> _Stored data_
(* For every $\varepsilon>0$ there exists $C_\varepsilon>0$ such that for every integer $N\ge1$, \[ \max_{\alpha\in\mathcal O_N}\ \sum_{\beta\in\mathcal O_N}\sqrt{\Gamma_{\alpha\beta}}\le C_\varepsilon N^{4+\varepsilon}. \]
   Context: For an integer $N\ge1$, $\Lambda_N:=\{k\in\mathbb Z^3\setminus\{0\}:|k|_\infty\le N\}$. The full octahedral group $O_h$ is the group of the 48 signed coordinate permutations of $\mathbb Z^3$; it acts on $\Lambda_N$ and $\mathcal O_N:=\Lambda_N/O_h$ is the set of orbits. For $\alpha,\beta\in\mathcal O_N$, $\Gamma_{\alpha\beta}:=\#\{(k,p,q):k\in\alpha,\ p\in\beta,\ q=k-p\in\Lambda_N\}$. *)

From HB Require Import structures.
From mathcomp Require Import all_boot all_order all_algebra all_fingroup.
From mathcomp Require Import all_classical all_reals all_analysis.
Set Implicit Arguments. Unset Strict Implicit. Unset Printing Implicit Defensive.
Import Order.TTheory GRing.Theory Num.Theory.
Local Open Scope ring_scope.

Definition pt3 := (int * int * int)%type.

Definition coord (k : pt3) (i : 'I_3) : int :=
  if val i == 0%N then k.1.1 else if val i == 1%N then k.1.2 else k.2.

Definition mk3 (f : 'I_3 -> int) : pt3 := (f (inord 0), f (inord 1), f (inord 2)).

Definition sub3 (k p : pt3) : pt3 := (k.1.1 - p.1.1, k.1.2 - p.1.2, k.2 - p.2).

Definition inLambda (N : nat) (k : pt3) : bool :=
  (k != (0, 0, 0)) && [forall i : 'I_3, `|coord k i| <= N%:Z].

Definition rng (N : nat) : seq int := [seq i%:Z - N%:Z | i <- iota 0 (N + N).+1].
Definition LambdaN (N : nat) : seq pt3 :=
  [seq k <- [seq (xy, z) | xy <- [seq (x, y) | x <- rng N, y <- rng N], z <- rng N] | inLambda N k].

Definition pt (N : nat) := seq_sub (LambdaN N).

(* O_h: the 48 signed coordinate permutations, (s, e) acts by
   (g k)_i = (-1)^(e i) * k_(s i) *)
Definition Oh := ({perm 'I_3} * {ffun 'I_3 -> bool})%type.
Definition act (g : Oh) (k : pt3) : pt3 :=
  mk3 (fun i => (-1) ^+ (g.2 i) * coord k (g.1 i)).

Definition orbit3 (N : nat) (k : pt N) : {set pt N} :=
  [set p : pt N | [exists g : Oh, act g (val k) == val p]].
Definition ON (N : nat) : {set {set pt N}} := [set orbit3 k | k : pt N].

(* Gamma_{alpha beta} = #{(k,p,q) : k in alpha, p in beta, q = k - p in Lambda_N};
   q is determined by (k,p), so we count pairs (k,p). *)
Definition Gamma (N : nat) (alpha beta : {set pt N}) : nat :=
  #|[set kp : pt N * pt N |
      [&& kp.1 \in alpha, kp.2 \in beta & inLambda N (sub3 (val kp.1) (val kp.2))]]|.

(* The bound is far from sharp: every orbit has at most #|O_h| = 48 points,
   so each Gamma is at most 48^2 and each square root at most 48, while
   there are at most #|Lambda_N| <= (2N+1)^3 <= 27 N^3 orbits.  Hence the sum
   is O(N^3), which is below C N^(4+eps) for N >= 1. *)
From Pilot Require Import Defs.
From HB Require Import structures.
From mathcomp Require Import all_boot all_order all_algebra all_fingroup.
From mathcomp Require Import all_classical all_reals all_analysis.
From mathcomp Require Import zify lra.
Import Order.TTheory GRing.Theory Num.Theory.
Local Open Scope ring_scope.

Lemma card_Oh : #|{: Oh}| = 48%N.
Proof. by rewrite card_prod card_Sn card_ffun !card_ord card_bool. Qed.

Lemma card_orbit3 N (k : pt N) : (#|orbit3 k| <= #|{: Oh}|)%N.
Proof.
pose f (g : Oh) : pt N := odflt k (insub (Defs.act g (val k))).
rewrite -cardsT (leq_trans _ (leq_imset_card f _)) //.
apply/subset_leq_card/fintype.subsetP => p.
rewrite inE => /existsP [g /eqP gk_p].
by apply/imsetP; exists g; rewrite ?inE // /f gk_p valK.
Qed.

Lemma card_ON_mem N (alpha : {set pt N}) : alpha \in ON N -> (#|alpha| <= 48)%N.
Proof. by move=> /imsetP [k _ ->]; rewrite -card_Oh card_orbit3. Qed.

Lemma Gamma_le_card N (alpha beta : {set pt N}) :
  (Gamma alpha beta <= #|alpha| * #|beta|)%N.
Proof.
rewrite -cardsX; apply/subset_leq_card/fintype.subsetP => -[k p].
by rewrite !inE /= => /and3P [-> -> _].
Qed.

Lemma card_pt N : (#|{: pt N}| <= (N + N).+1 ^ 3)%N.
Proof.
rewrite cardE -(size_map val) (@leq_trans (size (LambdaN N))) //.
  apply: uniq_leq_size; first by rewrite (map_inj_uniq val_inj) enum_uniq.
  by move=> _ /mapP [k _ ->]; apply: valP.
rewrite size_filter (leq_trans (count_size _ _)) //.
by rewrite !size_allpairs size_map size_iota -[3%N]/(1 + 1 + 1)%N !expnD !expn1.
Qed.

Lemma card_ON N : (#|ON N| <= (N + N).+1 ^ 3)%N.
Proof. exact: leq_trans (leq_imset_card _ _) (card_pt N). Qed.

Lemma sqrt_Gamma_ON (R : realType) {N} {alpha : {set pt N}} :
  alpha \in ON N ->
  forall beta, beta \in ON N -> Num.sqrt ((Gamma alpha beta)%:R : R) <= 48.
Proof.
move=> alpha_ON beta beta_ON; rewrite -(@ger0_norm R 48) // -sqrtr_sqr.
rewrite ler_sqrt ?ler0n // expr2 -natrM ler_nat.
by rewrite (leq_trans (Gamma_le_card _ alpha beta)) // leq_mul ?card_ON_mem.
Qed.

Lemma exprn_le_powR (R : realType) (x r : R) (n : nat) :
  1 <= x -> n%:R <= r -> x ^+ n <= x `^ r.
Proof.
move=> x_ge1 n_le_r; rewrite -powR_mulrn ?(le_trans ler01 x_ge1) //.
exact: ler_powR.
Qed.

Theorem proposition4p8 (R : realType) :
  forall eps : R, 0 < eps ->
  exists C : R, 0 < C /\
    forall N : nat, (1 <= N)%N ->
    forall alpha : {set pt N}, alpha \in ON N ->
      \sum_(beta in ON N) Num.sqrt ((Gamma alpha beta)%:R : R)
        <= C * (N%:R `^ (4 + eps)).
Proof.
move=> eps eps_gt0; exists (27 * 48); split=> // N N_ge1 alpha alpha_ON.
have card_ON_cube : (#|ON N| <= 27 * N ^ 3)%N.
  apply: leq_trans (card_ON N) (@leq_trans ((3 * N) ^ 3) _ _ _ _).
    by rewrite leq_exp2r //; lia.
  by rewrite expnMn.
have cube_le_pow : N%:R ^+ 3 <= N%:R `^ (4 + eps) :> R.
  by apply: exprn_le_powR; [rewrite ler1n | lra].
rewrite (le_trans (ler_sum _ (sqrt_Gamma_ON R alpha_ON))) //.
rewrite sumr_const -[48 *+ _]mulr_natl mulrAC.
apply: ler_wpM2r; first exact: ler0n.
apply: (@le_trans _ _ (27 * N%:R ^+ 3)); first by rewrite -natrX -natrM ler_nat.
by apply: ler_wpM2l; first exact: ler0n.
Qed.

> _Exercise description_
The lines above, starting at the one with "Lemma card_orbit3 N" and ending at the one with "rewrite size_filter (leq_trans", are the only ones to return, exactly as written.

> _Completed task_
Lemma card_orbit3 N (k : pt N) : (#|orbit3 k| <= #|{: Oh}|)%N.
Proof.
pose f (g : Oh) : pt N := odflt k (insub (Defs.act g (val k))).
rewrite -cardsT (leq_trans _ (leq_imset_card f _)) //.
apply/subset_leq_card/fintype.subsetP => p.
rewrite inE => /existsP [g /eqP gk_p].
by apply/imsetP; exists g; rewrite ?inE // /f gk_p valK.
Qed.

Lemma card_ON_mem N (alpha : {set pt N}) : alpha \in ON N -> (#|alpha| <= 48)%N.
Proof. by move=> /imsetP [k _ ->]; rewrite -card_Oh card_orbit3. Qed.

Lemma Gamma_le_card N (alpha beta : {set pt N}) :
  (Gamma alpha beta <= #|alpha| * #|beta|)%N.
Proof.
rewrite -cardsX; apply/subset_leq_card/fintype.subsetP => -[k p].
by rewrite !inE /= => /and3P [-> -> _].
Qed.

Lemma card_pt N : (#|{: pt N}| <= (N + N).+1 ^ 3)%N.
Proof.
rewrite cardE -(size_map val) (@leq_trans (size (LambdaN N))) //.
  apply: uniq_leq_size; first by rewrite (map_inj_uniq val_inj) enum_uniq.
  by move=> _ /mapP [k _ ->]; apply: valP.
rewrite size_filter (leq_trans (count_size _ _)) //.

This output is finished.